We changed the url from https://www.nytimes.com/2023/02/10/us/politics/unidentified-... to what appears to be the article with most recent updates (via https://news.ycombinator.com/item?id=34745940 - thanks yabones!).

WestCoastJustin · 3 years ago
I feel sorry for the pool soul who decided to send up their DIY weather balloon with gopro to get that space shot. Who knows he might even have a video of a F-22 sending a missile over.
ajsnigrutin · 3 years ago
How much does a weather baloon cost? ...compared to a F22 flight, a missle + all the logistics?

If it's cheap enough, there will probably be youtubers and tiktokers buying them en-masse just "for the lulz".

hinkley · 3 years ago
I heard rumors that during the bosnian war they were making fake SAM sites using microwave ovens with the door taken off. Get them to fire an air-to-ground missile at a device you got from the junkyard and an extension cord.
godelski · 3 years ago
> How much does a weather baloon cost? ...compared to a F22 flight, a missle + all the logistics?

If this is an actual spy object you also need to factor in the cost of the surveillance. How much money does the military lose due to the sensitive information being lost. Or how much does the military need to spend to regain strategic advantage? That probably costs more than a F22 flight and a missile.

Obviously this depends on the number of objects that one needs to respond to. Cheap surveillance devices can obviously overwhelm this and then you have a war of attrition.

In the example of the article we need to consider the cost of flights being downed (which they down when considering the cost of hitting an object and downing an aircraft. Quite expensive). Flights being canceled and/or delayed is expensive.

tenpies · 3 years ago
Early on in the whole balloon situation, there was discussion about how - having seen the US response - the most logical course of action would be to launch 10 balloons.

Then 100. Then 1000.

By all means, let the US military shoot as many as they want.

Let the propagandists call it "a great military display".

Then, just like the West is doing with Ukraine when it comes to artillery rounds, watch the Western arsenal of A2A missiles drop to critical levels that they won't be able to rebuild with any sort of expediency.

It should be a lesson the US learned a thousand times over, but we just saw them do it again: the aeronautical equivalent of bombing a farmer with an AK-47 and calling it a "victory".

paranoidrobot · 3 years ago
Depends on your payload weight. Some random searching found a 300g payload baloon for USD$30[1]. That excludes filling costs and other bits.

Anyone stupid enough to do it without following FAA rules (assuming launched in the US) is going to find themselves in some serious trouble.

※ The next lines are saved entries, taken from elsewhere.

Lemma permitted_sub_stack_pairs T : connected_graph T ->
  permitted T \subset stack_pair_edge T @: stack_pairs T.
Proof.
move=> connT; apply/subsetP => -[u w].
rewrite inE /= => /and3P [lt_uw _ /existsP [j /andP [uj wj]]].
have [iu lt_um [tu Hu]] := pop_time_exists connT u.
have [iw lt_wm [tw Hw]] := pop_time_exists connT w.
have uw : u != w by apply: contraTneq lt_uw => ->; rewrite ltnn.
have Euw : edge_of u w = (u, w) by rewrite /edge_of lt_uw.
apply/imsetP; case: (ltngtP iu iw) => [lt_i|lt_i|eq_i].
- exists (Ordinal lt_um, w); last by rewrite /stack_pair_edge /front /= Hu Euw.
  by rewrite inE /= Hu (stack_order uj wj uw Hu Hw lt_i).
- exists (Ordinal lt_wm, u); last by rewrite /stack_pair_edge /front /= Hw -edge_ofC.
  by rewrite inE /= Hw (stack_order wj uj _ Hw Hu lt_i) // eq_sym.
- by move: Hw; rewrite -eq_i Hu => -[eq_uw _]; rewrite eq_uw eqxx in uw.
Qed.

Lemma stack_pairs_sub_permitted T : is_tree T ->
  stack_pair_edge T @: stack_pairs T \subset permitted T.
Proof.
move=> treeT; apply/subsetP => e /imsetP [[i w]].
rewrite inE /= => /stack_pairsP [t Hi wt] ->{e}; rewrite /stack_pair_edge /=.
have fw : front T i != w by apply: contraTneq wt => <-; apply: front_notin_stack_tail.
have fi : front T i \in odfs_O T i by rewrite Hi mem_head.
have wi : w \in odfs_O T i by rewrite Hi in_cons wt orbT.
rewrite inE edge_of_lt //= -{2}(dfs_tree_of_tree treeT) (front_pair_not_tree_edge Hi wt).
apply/existsP; exists (Ordinal (leqW (ltn_ord i))).
by rewrite /edge_of; case: (_ < _); rewrite /= ?fi ?wi.
Qed.

Lemma card_permitted T : is_tree T -> #|permitted T| = area T.
Proof.
move=> treeT; have connT : connected_graph T by case/andP: treeT.
rewrite -card_stack_pairs -(card_in_imset (@stack_pair_edge_inj T)).
suff -> : permitted T = stack_pair_edge T @: stack_pairs T by [].
apply/eqP; rewrite eqEsubset.
by rewrite permitted_sub_stack_pairs // stack_pairs_sub_permitted.
Qed.

End ODFS.

Lemma supported_connected n (T G : {set 'I_n.+1 * 'I_n.+1}) :
  is_tree T -> T \subset G -> G :\: T \subset permitted T -> connected_graph G.
Proof.
case/andP => /andP [/forallP sT /forallP connT] _ sTG sGT; apply/andP; split.
  apply/forallP => e; apply/implyP => eG; case eT: (e \in T); first exact: (implyP (sT e)).
  have : e \in G :\: T by rewrite inE eT eG.
  by move/(subsetP sGT); rewrite inE => /and3P [].
apply/forallP => u; apply/forallP => v; apply: connect_sub (forallP (connT u) v).
by move=> x y xy; apply/connect1/(adj_subset sTG).
Qed.

Lemma surplus_card n (G : {set 'I_n.+1 * 'I_n.+1}) k :
  surplus_is G k = (#|G| == (n.+1 + k).-1).
Proof. by rewrite /surplus_is addSn addnC. Qed.

Local Open Scope ring_scope.

(* The tilt (1-p)^-a of a tree cancels against the absent permitted edges. *)
Lemma tilt_cancel (F : fieldType) (x P Z : F) (a k : nat) : x != 0 -> (k <= a)%N ->
  x ^- a / Z * P * x ^+ (a - k) = P / x ^+ k / Z.
Proof.
move=> x0 le_ka; rewrite -{1}(subnK le_ka) exprD invfM.
have xak0 : x ^+ (a - k) != 0 by rewrite expf_neq0.
by rewrite [RHS]mulrAC -[LHS]mulrA mulrC -!mulrA mulVKf // [Z^-1 * _]mulrC.
Qed.

Section Law.
Variables (R : realFieldType) (p : R) (n k : nat).
Hypothesis p_lt1 : p < 1.

Definition surplus_weight : R := p ^+ k / (1 - p) ^+ k / tree_Z n.+1 p.

Lemma graph_law_connected (G : {set 'I_n.+1 * 'I_n.+1}) :
  connected_graph G -> #|G| = (n.+1 + k).-1 -> graph_law p G = surplus_weight.
Proof.
move=> connG cardG; have treeD := dfs_tree_is_tree connG.
rewrite /graph_law (bigD1 (dfs_tree G)) //= big1 ?addr0; last first.
  move=> T /andP [treeT TD]; case: ifP => // /andP [sTG sGT].
  by rewrite -(dfs_tree_unique treeT sTG sGT) eqxx in TD.
have sDG : dfs_tree G \subset G by apply/dfs_tree_sub; case/andP: connG.
rewrite sDG dfs_tree_extra_permitted //=.
have cardGD : #|G :\: dfs_tree G| = k.
  by rewrite cardsD (setIidPr sDG) card_dfs_tree // cardG addSn addKn.
have le_k_area : (k <= area (dfs_tree G))%N.
  by rewrite -cardGD -card_permitted // subset_leq_card // dfs_tree_extra_permitted.
rewrite cardGD card_permitted // /tree_law /tree_weight tilt_cancel //.
by rewrite subr_eq0 eq_sym; apply: contraTneq p_lt1 => ->; rewrite ltxx.
Qed.

Lemma graph_law_disconnected (G : {set 'I_n.+1 * 'I_n.+1}) :
  ~~ connected_graph G -> graph_law p G = 0.
Proof.
move=> nconnG; rewrite /graph_law big1 // => T treeT.
by case: ifP => // /andP [sTG sGT]; rewrite (supported_connected treeT sTG sGT) in nconnG.
Qed.

Lemma prob_surplus_value : prob_surplus n.+1 p k = surplus_weight *+ n_conn n.+1 k.
Proof.
rewrite /prob_surplus /n_conn -sumr_const; apply/esym.
rewrite big_mkcond /= [RHS]big_mkcond /=; apply: eq_bigr => G _.
rewrite inE surplus_card; case: (boolP (connected_graph G)) => [connG|nconnG] /=.
  by case: eqP => [cardG|//]; rewrite graph_law_connected.
by rewrite graph_law_disconnected // if_same.
Qed.

End Law.

Theorem corollary4 (R : realFieldType) (p : R) (m k : nat) :
  0 < p -> p < 1 -> (0 < m)%N ->
  0 < prob_surplus m p k ->
  forall G : {set 'I_m * 'I_m},
    cond_law p k G =
      (if connected_graph G && (#|G| == (m + k).-1)%N
       then (n_conn m k)%:R^-1 else 0).
Proof.
case: m => [//|n] _ p_lt1 _ pos_surplus G.
have weight0 : surplus_weight p n k != 0.
  by apply: contraTneq pos_surplus => w0; rewrite prob_surplus_value // w0 mul0rn ltxx.
rewrite /cond_law prob_surplus_value // surplus_card.
case: (boolP (connected_graph G)) => [connG|nconnG] /=; last first.
  by rewrite graph_law_disconnected // if_same mul0r.
case: eqP => [cardG|_]; last by rewrite mul0r.
by rewrite (graph_law_connected p_lt1 connG cardG) -(mulr_natr (surplus_weight p n k)) invfM mulVKf.
Qed.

[1] https://www.highaltitudescience.com/collections/all

LastTrain · 3 years ago
The national weather service already launches > 180 weather balloons PER DAY.
jayknight · 3 years ago
This guy launches lots of balloons with homemade taking beacons.

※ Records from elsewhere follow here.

(* Fix parameters $\mathfrak h=(h,\varepsilon,\theta)$. Let $\chi$ satisfy (OBS.1) and $f$ satisfy (RHS.2); if (RHS.2b) holds, assume moreover that condition (M.1) holds. Let $w_h,v_h\in\mathbb V_h$ satisfy $$\mathbb T_{\mathfrak h}[w_h;f,\chi](z)\le0\le\mathbb T_{\mathfrak h}[v_h;f,\chi](z)\qquad\forall z\in\mathcal N_h^I,$$ and $w_h(z)\le v_h(z)$ for all $z\in\mathcal N_h^b$. Then $w_h(z)\le v_h(z)$ for all $z\in\mathcal N_h$.
   Context: Setting: $\Omega\subset\mathbb R^d$ ($d\ge1$) is a bounded domain with continuous boundary. For $r>0$, $\Omega^{(r)}=\{x\in\Omega:\operatorname{dist}(x,\partial\Omega)>r\}$. $\mathcal T_h$ is a mesh of closed simplices, $h=\max_T\operatorname{diam}T$, $\Omega_h$ the interior of the union of the simplices, with $\Omega^{(h)}\subset\Omega_h\subset\Omega$; $\mathcal N_h$ is the set of vertices. $\mathbb V_h$ is the space of continuous piecewise linear functions on $\mathcal T_h$ with hat basis $\{\hat\varphi_z\}$ and Lagrange interpolant $\mathcal I_h$. Parameters $\mathfrak h=(h,\varepsilon,\theta)$ with $\varepsilon\in[h,\operatorname{diam}\Omega]$, $0<\theta\le1$. $\mathcal N_h^I=\mathcal N_h\cap\Omega^{(2\varepsilon)}$, $\mathcal N_h^b=\mathcal N_h\setminus\mathcal N_h^I$. $\mathbb S_\theta$ is a finite symmetric subset of the unit sphere $\mathbb S$ such that each $v\in\mathbb S$ has $v_\theta\in\mathbb S_\theta$ with $|v-v_\theta|\le\theta$. For $z\in\mathcal N_h^I$, $\mathcal N_{\mathfrak h}(z)=\{z\}\cup\{z+\varepsilon v_\theta:v_\theta\in\mathbb S_\theta\}$ and $-\Delta^\diamond_{\infty,\mathfrak h}w(z)=\varepsilon^{-2}\big(2w(z)-\max_{x\in\mathcal N_{\mathfrak h}(z)}\mathcal I_hw(x)-\min_{x\in\mathcal N_{\mathfrak h}(z)}\mathcal I_hw(x)\big)$ for $w\in C(\overline\Omega)$. $\widetilde{\mathcal N}_{\mathfrak h}(z)=\{z\}\cup\{z'\in\mathcal N_h:\exists v_\theta\in\mathbb S_\theta,\ \hat\varphi_{z'}(z+\varepsilon v_\theta)>0\}$. (M.1): for every nonempty $S\subset\mathcal N_h^I$ there exist $z\in S$, $z'\in\mathcal N_h\setminus S$ with $z'\in\widetilde{\mathcal N}_{\mathfrak h}(z)$. (RHS.2): either (RHS.2a) $\sup_\Omega f<0$ or $\inf_\Omega f>0$, or (RHS.2b) $f\equiv0$. (OBS.1): $\chi\in C(\overline\Omega)$ and $\chi<g$ on $\partial\Omega$ for a given boundary datum $g\in C(\partial\Omega)$. Discrete obstacle operator: $\mathbb T_{\mathfrak h}[w;f,\chi](z)=\min\{-\Delta^\diamond_{\infty,\mathfrak h}w(z)-f(z),\,w(z)-\chi(z)\}$ for $z\in\mathcal N_h^I$. *)

From HB Require Import structures.
From mathcomp Require Import all_boot all_order all_algebra.
From mathcomp Require Import all_classical all_reals all_analysis.
Set Implicit Arguments. Unset Strict Implicit. Unset Printing Implicit Defensive.
Import Order.TTheory GRing.Theory Num.Theory.
Import numFieldNormedType.Exports.
Local Open Scope classical_set_scope.
Local Open Scope ring_scope.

https://ham-tv.com/balloon/

amelius · 3 years ago
The cost doesn't matter much. It's a great drill for the military.
mulmen · 3 years ago
Marginal cost? Zero. We fire more than two missiles in a week in training.

Technically whoever launched this thing saved us money on the target. So the cost was negative.

ck2 · 3 years ago
Each one of those sidewinder rockets is half a million dollars.

Think about how much healthcare, food, housing, we are burning up with this nonsense.

justapassenger · 3 years ago
Add cost of SWAT team raiding your home, getting on the terrorist watch and few other fun things.
hencle · 3 years ago
If not equipped with anything cheap ones cost less then 100$
wkat4242 · 3 years ago
A $400k missile and an F-22 sortie costing probably a similar amount. I really hope for their sake the government doesn't try to charge them that cost.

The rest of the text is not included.